(Exercise description):
One figure is wanted here: how many lines in the entries hold the word "intros".
(Beginning of Supplied entries)
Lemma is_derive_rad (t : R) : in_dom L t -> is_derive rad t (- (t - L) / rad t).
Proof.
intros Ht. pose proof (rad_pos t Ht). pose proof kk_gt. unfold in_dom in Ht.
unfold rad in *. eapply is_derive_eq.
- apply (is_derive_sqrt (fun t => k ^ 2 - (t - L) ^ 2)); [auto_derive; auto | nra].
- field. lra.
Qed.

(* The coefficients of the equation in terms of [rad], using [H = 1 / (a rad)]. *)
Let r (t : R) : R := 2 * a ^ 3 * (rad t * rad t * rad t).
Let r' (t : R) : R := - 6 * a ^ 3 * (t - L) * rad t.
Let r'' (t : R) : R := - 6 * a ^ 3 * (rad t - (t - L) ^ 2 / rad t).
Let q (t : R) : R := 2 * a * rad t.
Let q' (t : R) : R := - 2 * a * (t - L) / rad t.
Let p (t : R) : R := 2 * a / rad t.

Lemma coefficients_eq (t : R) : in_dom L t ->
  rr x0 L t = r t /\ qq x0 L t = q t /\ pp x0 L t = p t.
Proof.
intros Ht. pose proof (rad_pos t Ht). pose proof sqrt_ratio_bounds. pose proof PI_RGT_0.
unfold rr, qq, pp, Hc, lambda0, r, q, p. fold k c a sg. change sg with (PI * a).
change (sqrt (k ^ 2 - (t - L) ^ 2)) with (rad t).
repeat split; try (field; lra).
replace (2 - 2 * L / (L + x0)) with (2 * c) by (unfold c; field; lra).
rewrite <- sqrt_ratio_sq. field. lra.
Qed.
(End of Supplied entries)
(The answer):
2